Kopiert man die Ausgabe in eine neue htm-Datei, fehlt ein Teil, und zwar der mit 
"Alle Angebote ab ... "  !!!	


Kann mir jemand helfen

Danke!!


----------



## Bleiglanz (1. Jun 2005)

könnte sein, dass amazon den basierend auf dem client (browser, cookies, usw.) gar nicht mitschickt??

was genau fehlt?

alles bis zum ende, oder ist da noch ein </html> drin, d.h. wurde was ausgelassen?


----------



## stev.glasow (1. Jun 2005)

in Zeile 388 steht wenn man es über eine Script lädt:
/ 


Und beim Browser(Mozialla):
/ <nobr><font face=verdana,arial,helvetica size=-1 >*<a href=/exec/obidos/tg/detail/offer-listing/-/3785721528/all/ref=ufu_lmi_/302-8171499-4442411>Alle Angebote</a>* ab <font color=#990000>EUR 16,00</font></font></nobr>

Ich habe mich mal  bei Amazon ausgeloggt und Cookies und JavaScript deaktiviert, hat aber nichts dran geändert.


----------



## babuschka (1. Jun 2005)

Kann man das sonst noch irgendwie anders auslesen?
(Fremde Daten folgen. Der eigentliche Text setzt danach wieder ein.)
Lemma lattice_uniform_approx (P : set (T -> R)) (f : T -> R) :
  continuous f -> (forall h, P h -> continuous h) ->
  (forall h k, P h -> P k -> P (h \max k)) ->
  (forall h k, P h -> P k -> P (h \min k)) -> P !=set0 ->
  (forall b c, exists2 h, P h & h b = f b /\ h c = f c) ->
  forall e, 0 < e -> exists2 h, P h & forall x, `|f x - h x| < e.
Proof.
move=> cf cP Pmax Pmin P0 interp e e0.
pose above := [set h | P h /\ forall x, f x - e < h x].
have cfe (s : R) : continuous (fun x => f x + s) by exact: continuous_addr.
have above0 : above !=set0.
  have [h Ph fh] : exists2 h, P h & forall x, f x - e < h x.
    apply: (compact_max_closed_gt (cfe (- e)) cP Pmax P0) => x.
    by have [h Ph [hx _]] := interp x x; exists h; rewrite // hx ltrBlDr ltrDl.
  by exists h.
have below_at c : exists2 h, above h & h c < f c + e.
  have [h [Ph hc] fh] :
      exists2 h, P h /\ h c <= f c & forall x, f x - e < h x.
    apply: (compact_max_closed_gt (cfe (- e))).
    - by move=> h [Ph _]; exact: cP.
    - move=> h k [Ph hc] [Pk kc].
      by split; [exact: Pmax|rewrite /= ge_max hc kc].
    - by have [h Ph [hc _]] := interp c c; exists h; split; rewrite ?hc.
    - move=> x; have [h Ph [hc hx]] := interp c x.
      by exists h; rewrite ?hc ?hx // ltrBlDr ltrDl.
  by exists h; [split|rewrite (le_lt_trans hc) // ltrDl].
have [h [Ph fh] hf] : exists2 h, above h & forall x, h x < f x + e.
  apply: (compact_min_closed_lt (cfe e) _ _ above0 below_at).
  - by move=> h [Ph _]; exact: cP.
  - move=> h k [Ph fh] [Pk fk].
    by split; [exact: Pmin|move=> x; rewrite lt_min fh fk].
by exists h => // x; rewrite ltr_distlC fh hf.
Qed.
Lemma continuous_measurable_fun_open {T U : ptopologicalType} {f : T -> U} :
  continuous f ->
  measurable_fun (setT : set (g_sigma_algebraType (@open T)))
    (f : g_sigma_algebraType (@open T) -> g_sigma_algebraType (@open U)).
Proof.
move=> cf; apply: (@measurability _ _ (g_sigma_algebraType (@open T))
  (g_sigma_algebraType (@open U)) setT f (@open U)) => // _ [A oA <-].
by apply: sub_sigma_algebra; rewrite setTI; exact: (continuousP f).1.
Qed.

Lemma preimage_set1_fixed {T : Type} {f : T -> T} {a : T} :
  injective f -> f a = a -> f @^-1` [set a] = [set a].
Proof.
move=> injf fa; apply/seteqP; split => [x /= fxa|x -> //=].
by apply: injf; rewrite fxa.
Qed.

Lemma min1_sqr_le (R : realType) (a : R) :
  0 <= a -> Order.min 1 (a ^+ 2) <= Order.min 1 a.
Proof.
move=> a0; rewrite le_min !ge_min lexx /=; have [a1|/ltW a1] := leP a 1.
  by rewrite expr2 ler_piMl ?orbT.
by rewrite a1.
Qed.

Lemma invr_mul_sqr (F : fieldType) (a : F) : a^-1 * a ^+ 2 = a.
Proof. by have [->|a0] := eqVneq a 0; rewrite ?invr0 ?mul0r// expr2 mulKf. Qed.

Section euclidean_norm.
Context {R : realType} {d : nat}.
Implicit Types x : 'rV[R]_d.

Lemma enorm_ge0 x : 0 <= enorm x.
Proof. exact: sqrtr_ge0. Qed.

Lemma enormZ (c : R) x : enorm (c *: x) = `|c| * enorm x.
Proof.
rewrite /enorm -sqrtr_sqr -sqrtrM ?sqr_ge0// mulr_sumr.
by congr Num.sqrt; apply: eq_bigr => i _; rewrite mxE exprMn.
Qed.

Lemma enorm0 : enorm (0 : 'rV[R]_d) = 0.
Proof. by rewrite /enorm big1 ?sqrtr0// => i _; rewrite mxE expr0n. Qed.

Lemma enorm0_eq0 x : enorm x = 0 -> x = 0.
Proof.
move=> /eqP; rewrite sqrtr_eq0 => sum_le0.
have /psumr_eq0P sq0 : \sum_(i < d) x ord0 i ^+ 2 = 0.
  by apply/le_anti; rewrite sum_le0 sumr_ge0// => i _; exact: sqr_ge0.
apply/rowP => i; apply/eqP; rewrite mxE -sqrf_eq0.
by apply/eqP/sq0 => // j _; exact: sqr_ge0.
Qed.

Lemma sqrt_enorm_eq0 x : (Num.sqrt (enorm x) == 0) = (enorm x == 0).
Proof. by rewrite sqrtr_eq0 eq_le enorm_ge0 andbT. Qed.

Lemma normr_le_enorm x : `|x| <= enorm x.
Proof.
rewrite [leLHS]mx_normrE; apply: bigmax_le => [|[i j] _]; first exact: enorm_ge0.
rewrite /= (ord1 i) -sqrtr_sqr; apply: ler_wsqrtr.
by rewrite (bigD1 j)//= lerDl sumr_ge0// => k _; exact: sqr_ge0.
Qed.

Lemma continuous_enorm : continuous (@enorm R d).
Proof.
have csum : continuous (fun y : 'rV[R]_d => \sum_(i < d) y ord0 i ^+ 2).
  apply: continuous_big => [|i _ y]; first exact: add_continuous.
  apply: (continuous_comp (f := fun M : 'rV[R]_d => M ord0 i)
    (g := (@GRing.exp R)^~ 2)).
    exact: coord_continuous.
  exact: exprn_continuous.
move=> x; apply: (continuous_comp
  (f := fun y : 'rV[R]_d => \sum_(i < d) y ord0 i ^+ 2)).
  exact: csum.
exact: sqrt_continuous.
Qed.

End euclidean_norm.

Section radial_maps.
Context {R : realType} {d : nat}.
Implicit Types x : 'rV[R]_d.

Definition radial_sqrt x : 'rV[R]_d := (Num.sqrt (enorm x))^-1 *: x.
Definition radial_sqr x : 'rV[R]_d := enorm x *: x.

Lemma enorm_radial_sqrt x : enorm (radial_sqrt x) = Num.sqrt (enorm x).
Proof.
rewrite enormZ ger0_norm ?invr_ge0 ?sqrtr_ge0//.
by rewrite -{2}(sqr_sqrtr (enorm_ge0 x)) invr_mul_sqr.
Qed.

Lemma enorm_radial_sqr x : enorm (radial_sqr x) = enorm x ^+ 2.
Proof. by rewrite enormZ ger0_norm ?enorm_ge0// expr2. Qed.

Lemma radial_sqrtK : cancel radial_sqrt radial_sqr.
Proof.
move=> x; rewrite /radial_sqr enorm_radial_sqrt /radial_sqrt scalerA.
have [/enorm0_eq0->|x0] := eqVneq (enorm x) 0; first by rewrite scaler0.
by rewrite mulfV ?scale1r ?sqrt_enorm_eq0.
Qed.
(* Let $(\mathbb R^4,g)$ be the pp-wave $g=-(x^2+y^2)\,du^2+2\,du\,dv+dx^2+dy^2$ in coordinates $(u,v,x,y)$, and let $Z:=\tfrac12(H+k^2+h^2)\partial_v-\partial_u+k\partial_x+h\partial_y$ with $H=-x^2-y^2$, $k=-y$, $h=x$ (so $Z=-\partial_u-y\partial_x+x\partial_y$). Then $(\mathbb R^4,g,Z,\nabla u)$ is admissible (with $\nabla u=\partial_v$, $\tau=u$, $\ell=1$, and orientation such that $J=J_{g,Z,\nabla u}$ satisfies $JX=Y$ for $X:=k\partial_v+\partial_x$, $Y:=h\partial_v+\partial_y$), and the induced tensor $g_K=d(e^uZ^\flat)(\cdot,J\cdot)$ is a Kähler metric on all of $\mathbb R^4$.
   Context: Admissibility: an oriented semi-Riemannian $4$-manifold $(M,g)$ with vector fields $k_+,k_-$ (here $k_+=Z$, $k_-=\nabla u$) is admissible if $k_\pm$ are pointwise linearly independent, $\mathcal V:=\mathrm{span}(k_+,k_-)$ has spacelike orthogonal complement $\mathcal H$, and, with $J=J_{g,k_+,k_-}$ defined by $Jk_+=k_-$, $Jk_-=-k_+$, $Je_1=e_2$, $Je_2=-e_1$ for positively oriented orthonormal frames $(e_1,e_2)$ of $\mathcal H$: $[k_\pm,\Gamma(\mathcal H)]\subset\Gamma(\mathcal H)$; $J\circ\nabla^ok_+=\nabla^ok_-$ on $\mathcal H$, where $\nabla^oX$ is the trace-free symmetric part of $\mathcal H\to\mathcal H$, $v\mapsto(\nabla_vX)^{\mathcal H}$; $k_-=\ell\nabla\tau$ for smooth $\ell,\tau$; and $\nabla(g(k_+,k_-))$, $\nabla(g(k_+,k_+))$ take values in $\mathcal V$. $Z^\flat=g(Z,\cdot)$. The induced metric $g_K:=d(f(\tau)k_+^\flat)(\cdot,J\cdot)$ is Kähler where $f\iota<0$ and $f'G/\ell-f\,dk_+^\flat(k_+,k_-)<0$, with $\iota=g(k_+,[e_1,e_2])$ and $G=g(k_+,k_+)g(k_-,k_-)-g(k_+,k_-)^2$. *)

(* classical reals. Everything is done concretely on R^4 with
   global coordinates indexed 0,1,2,3 = (u,v,x,y). *)
From Stdlib Require Import Reals Lra ClassicalEpsilon.
Open Scope R_scope.

(* Points and tangent vectors of R^4: only the indices 0..3 are meaningful. *)
Definition Vec := nat -> R.
Definition Field := Vec -> Vec.
Definition Metric := Vec -> nat -> nat -> R.
Definition Mat := nat -> nat -> R.

Definition sum4 (f : nat -> R) : R := f 0%nat + f 1%nat + f 2%nat + f 3%nat.
Definition sum2 (f : nat -> R) : R := f 0%nat + f 1%nat.
Definition veq (a b : Vec) : Prop := forall i, (i < 4)%nat -> a i = b i.
Definition vzero : Vec := fun _ => 0.
Definition vopp (a : Vec) : Vec := fun i => - a i.
Definition vsub (a b : Vec) : Vec := fun i => a i - b i.
Definition nonzero (a : Vec) : Prop := exists i, (i < 4)%nat /\ a i <> 0.
Definition coord (i : nat) : Vec -> R := fun p => p i.
Definition basis (i : nat) : Vec := fun j => if Nat.eqb j i then 1 else 0.

Definition shift (p : Vec) (i : nat) (t : R) : Vec :=
  fun j => if Nat.eqb j i then p j + t else p j.
Definition has_pd (f : Vec -> R) (i : nat) (p : Vec) (l : R) : Prop :=
  derivable_pt_lim (fun t => f (shift p i t)) 0 l.
Definition pd (f : Vec -> R) (i : nat) (p : Vec) : R :=
  epsilon (inhabits 0) (fun l => has_pd f i p l).
Definition cont_at (f : Vec -> R) (p : Vec) : Prop :=
  forall eps, 0 < eps -> exists delta, 0 < delta /\
    forall q, (forall i, (i < 4)%nat -> Rabs (q i - p i) < delta) ->
      Rabs (f q - f p) < eps.
CoInductive smooth (f : Vec -> R) : Prop :=
  smooth_intro :
    (forall p, cont_at f p) ->
    (forall i p, (i < 4)%nat -> exists l, has_pd f i p l) ->
    (forall i, (i < 4)%nat -> smooth (pd f i)) -> smooth f.
Definition smooth_field (X : Field) : Prop :=
  forall i, (i < 4)%nat -> smooth (fun p => X p i).

Definition bracket (X Y : Field) : Field := fun p m =>
  sum4 (fun i => X p i * pd (fun q => Y q m) i p - Y p i * pd (fun q => X q m) i p).

Definition det3 (r1 r2 r3 : nat) (b c d : Vec) : R :=
  b r1 * (c r2 * d r3 - c r3 * d r2) - b r2 * (c r1 * d r3 - c r3 * d r1)
  + b r3 * (c r1 * d r2 - c r2 * d r1).
Definition det4 (a b c d : Vec) : R :=
  a 0%nat * det3 1 2 3 b c d - a 1%nat * det3 0 2 3 b c d
  + a 2%nat * det3 0 1 3 b c d - a 3%nat * det3 0 1 2 b c d.

Definition gdot (g : Metric) (p a b : Vec) : R :=
  sum4 (fun i => sum4 (fun j => g p i j * a i * b j)).
Definition semi_riemannian (g : Metric) : Prop :=
  (forall p i j, g p i j = g p j i) /\
  (forall p, det4 (fun i => g p i 0%nat) (fun i => g p i 1%nat)
                  (fun i => g p i 2%nat) (fun i => g p i 3%nat) <> 0) /\
  (forall i j, (i < 4)%nat -> (j < 4)%nat -> smooth (fun p => g p i j)).
Definition raise (g : Metric) (p : Vec) (a : nat -> R) : Vec :=
  epsilon (inhabits vzero)
    (fun w => forall k, (k < 4)%nat -> sum4 (fun j => g p j k * w j) = a k).
Definition grad (g : Metric) (f : Vec -> R) (p : Vec) : Vec :=
  raise g p (fun k => pd f k p).
Definition chr1 (g : Metric) (p : Vec) (k i j : nat) : R :=
  / 2 * (pd (fun q => g q j k) i p + pd (fun q => g q i k) j p
         - pd (fun q => g q i j) k p).
Definition nabla (g : Metric) (v : Vec) (X : Field) (p : Vec) : Vec :=
  raise g p (fun k => sum4 (fun i => sum4 (fun j =>
     v i * pd (fun q => X q j) i p * g p j k + chr1 g p k i j * v i * X p j))).

Definition lin_indep (a b : Vec) : Prop :=
  forall s t, (forall i, (i < 4)%nat -> s * a i + t * b i = 0) -> s = 0 /\ t = 0.
Definition inV (kp km : Field) (p w : Vec) : Prop :=
  exists a b, veq w (fun i => a * kp p i + b * km p i).
Definition inH (g : Metric) (kp km : Field) (p w : Vec) : Prop :=
  gdot g p (kp p) w = 0 /\ gdot g p (km p) w = 0.
Definition ON_frame (g : Metric) (kp km : Field) (p e1 e2 : Vec) : Prop :=
  inH g kp km p e1 /\ inH g kp km p e2 /\
  gdot g p e1 e1 = 1 /\ gdot g p e2 e2 = 1 /\ gdot g p e1 e2 = 0.
(* orientation of R^4 given by a sign o (o = 1: standard); the orientation of
   H is the one for which (k+,k-,e1,e2) is positively oriented *)
Definition pos_frame (o : R) (kp km : Field) (p e1 e2 : Vec) : Prop :=
  0 < o * det4 (kp p) (km p) e1 e2.
Definition Japply (M : Mat) (w : Vec) : Vec := fun i => sum4 (fun j => M i j * w j).
Definition Jprop (o : R) (g : Metric) (kp km : Field) (p : Vec) (M : Mat) : Prop :=
  veq (Japply M (kp p)) (km p) /\ veq (Japply M (km p)) (vopp (kp p)) /\
  forall e1 e2, ON_frame g kp km p e1 e2 -> pos_frame o kp km p e1 e2 ->
    veq (Japply M e1) e2 /\ veq (Japply M e2) (vopp e1).
Definition Jmat (o : R) (g : Metric) (kp km : Field) (p : Vec) : Mat :=
  epsilon (inhabits (fun _ _ => 0)) (Jprop o g kp km p).
(* nabla^o X applied to v in H_p, computed in an ON frame (e1,e2) of H_p
   (trace-free symmetric part of v |-> (nabla_v X)^H) *)
Definition nabla0 (g : Metric) (X : Field) (p e1 e2 v : Vec) : Vec :=
  let e := fun a : nat => if Nat.eqb a 0 then e1 else e2 in
  let A := fun a b : nat => gdot g p (nabla g (e b) X p) (e a) in
  let S := fun a b : nat => (A a b + A b a) / 2
             - (if Nat.eqb a b then (A 0%nat 0%nat + A 1%nat 1%nat) / 2 else 0) in
  fun i => sum2 (fun a => sum2 (fun b => S a b * gdot g p v (e b) * e a i)).
Lemma residue_angle_cases r : (1 <= r <= k)%nat ->
  (r = k /\ residue_angle k s r = 0)
  \/ 2 * PI / INR k <= residue_angle k s r <= 2 * PI - 2 * PI / INR k.
Proof.
  intro Hr; destruct (Nat.eq_dec r k) as [->|Hne].
  - left; split; [reflexivity | apply residue_angle_k].
  - right; apply (residue_angle_bounds k s alpha k_pos k_alpha cos_alpha_ne1); lia.
Qed.

Lemma residue_angle_theta r : (1 <= r <= k)%nat ->
  0 <= residue_angle k s r /\ residue_angle k s r + theta < 2 * PI.
Proof.
  intro Hr; pose proof INR_k_pos; pose proof k_theta_lt; pose proof PI_RGT_0.
  assert (1 <= INR k) by (apply (le_INR 1); lia).
  assert (0 < 2 * PI / INR k) by (apply Rdiv_lt_0_compat; lra).
  destruct (residue_angle_cases r Hr) as [[_ ->] | ?]; nra.
Qed.

Definition grid_origin (r : nat) : R := residue_angle k s r + (INR r / INR k - 1) * step.

Lemma grid_eq r m : grid r m = grid_origin r + INR m * step.
Proof. unfold grid, grid_origin; ring. Qed.

Lemma grid_bounds r m : (1 <= r <= k)%nat -> (1 <= m <= M)%nat ->
  residue_angle k s r < grid r m <= residue_angle k s r + theta.
Proof.
  intros Hr Hm; pose proof step_pos; pose proof M_step; pose proof (ratio_bounds r Hr).
  assert (1 <= INR m <= INR M) by (split; [apply (le_INR 1) | apply le_INR]; lia).
  unfold grid; split; nra.
Qed.

Lemma grid_angle r m : (1 <= r <= k)%nat -> (1 <= m <= M)%nat ->
  let j := (k * (m - 1) + r)%nat in
  INR j * alpha + INR j * theta / INR (M * k) = grid r m + 2 * INR ((m - 1) * s + s * r / k) * PI.
Proof.
  intros Hr Hm j; pose proof INR_k_pos.
  assert (INR M <> 0) by (apply not_0_INR; lia).
  unfold j, grid, step; rewrite plus_INR, mult_INR, Rmult_plus_distr_r.
  rewrite (INR_mul_alpha k s alpha k_pos k_alpha), plus_INR, !mult_INR, minus_INR by lia.
  replace (INR k * (INR m - INR 1) * alpha) with ((INR m - INR 1) * (INR k * alpha)) by ring.
  rewrite k_alpha; simpl INR; field; lra.
Qed.

Definition lipschitz_const : R := ln 2 + Rabs (log_chord margin).

Definition grid_const : R :=
  2 * lipschitz_const + Rabs (log_chord theta) + Rabs (log_chord margin).

Lemma grid_origin_lower r : (1 <= r <= k)%nat -> 0 < grid_origin r + step / 2.
Proof.
  intro Hr; pose proof step_pos; pose proof step_le_theta; pose proof (ratio_bounds r Hr).
  pose proof margin_bounds; unfold grid_origin.
  destruct (residue_angle_cases r Hr) as [[-> ->] | ?].
  - replace (INR k / INR k) with 1 by (field; pose proof INR_k_pos; lra); lra.
  - unfold margin in *; nra.
Qed.

Lemma Clausen_grid_left r : (1 <= r <= k)%nat ->
  Clausen (residue_angle k s r) - Clausen (grid_origin r + step / 2) <= step / 2 * lipschitz_const.
Proof.
  intro Hr; pose proof step_pos; pose proof step_le_theta; pose proof (ratio_bounds r Hr).
  pose proof margin_bounds; pose proof (residue_angle_theta r Hr); pose proof ln_lt_2.
  pose proof (Rabs_pos (log_chord margin)).
  eapply Rle_trans; [apply (Clausen_sub_le margin); [exact margin_bounds | lra | | ]|].
  - unfold grid_origin; nra.
  - destruct (Rle_dec (residue_angle k s r) (grid_origin r + step / 2)) as [Hle|Hgt];
      [left; exact Hle | right].
    destruct (residue_angle_cases r Hr) as [[-> E] | ?].
    + exfalso; apply Hgt; unfold grid_origin; rewrite E.
      replace (INR k / INR k) with 1 by (field; pose proof INR_k_pos; lra); lra.
    + unfold grid_origin, margin in *; nra.
  - unfold lipschitz_const; apply Rmult_le_compat_r; [lra|].
    apply Rabs_le; unfold grid_origin; nra.
Qed.

Lemma grid_sum_right_end r : (1 <= r <= k)%nat ->
  grid_origin r + step / 2 <= grid_origin r + (INR (M - 1) + 1 / 2) * step
  <= residue_angle k s r + theta.
Proof.
  intro Hr; pose proof step_pos; pose proof M_step; pose proof (ratio_bounds r Hr).
  rewrite minus_INR by lia.
  assert (1 <= INR M) by (apply (le_INR 1); lia).
  unfold grid_origin; simpl INR; split; nra.
Qed.

Lemma Clausen_grid_right r : (1 <= r <= k)%nat ->
  Clausen (grid_origin r + (INR (M - 1) + 1 / 2) * step) - Clausen (residue_angle k s r + theta)
  <= 3 / 2 * step * lipschitz_const.
Proof.
  intro Hr; pose proof step_pos; pose proof M_step; pose proof (ratio_bounds r Hr).
  pose proof (residue_angle_theta r Hr); pose proof (grid_origin_lower r Hr).
  pose proof (grid_sum_right_end r Hr); pose proof ln_lt_2.
  pose proof (Rabs_pos (log_chord margin)).
  eapply Rle_trans;
    [apply (Clausen_sub_le margin); [exact margin_bounds | lra | lra | left; lra]|].
  unfold lipschitz_const; apply Rmult_le_compat_r; [lra|].
  apply Rabs_le; rewrite minus_INR in * by lia; unfold grid_origin in *; simpl INR in *; nra.
Qed.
Evt. über Umwege?


----------



## stev.glasow (1. Jun 2005)

K.A. Dazu müsste man erstmal den Grund kennen warum das jeweils anderes gehändelt wird.


----------



## Bleiglanz (1. Jun 2005)

geht möglicherweise nicht um Cookies oder Javascript, sondern um den HTTP Header mit der Browserinfo...


----------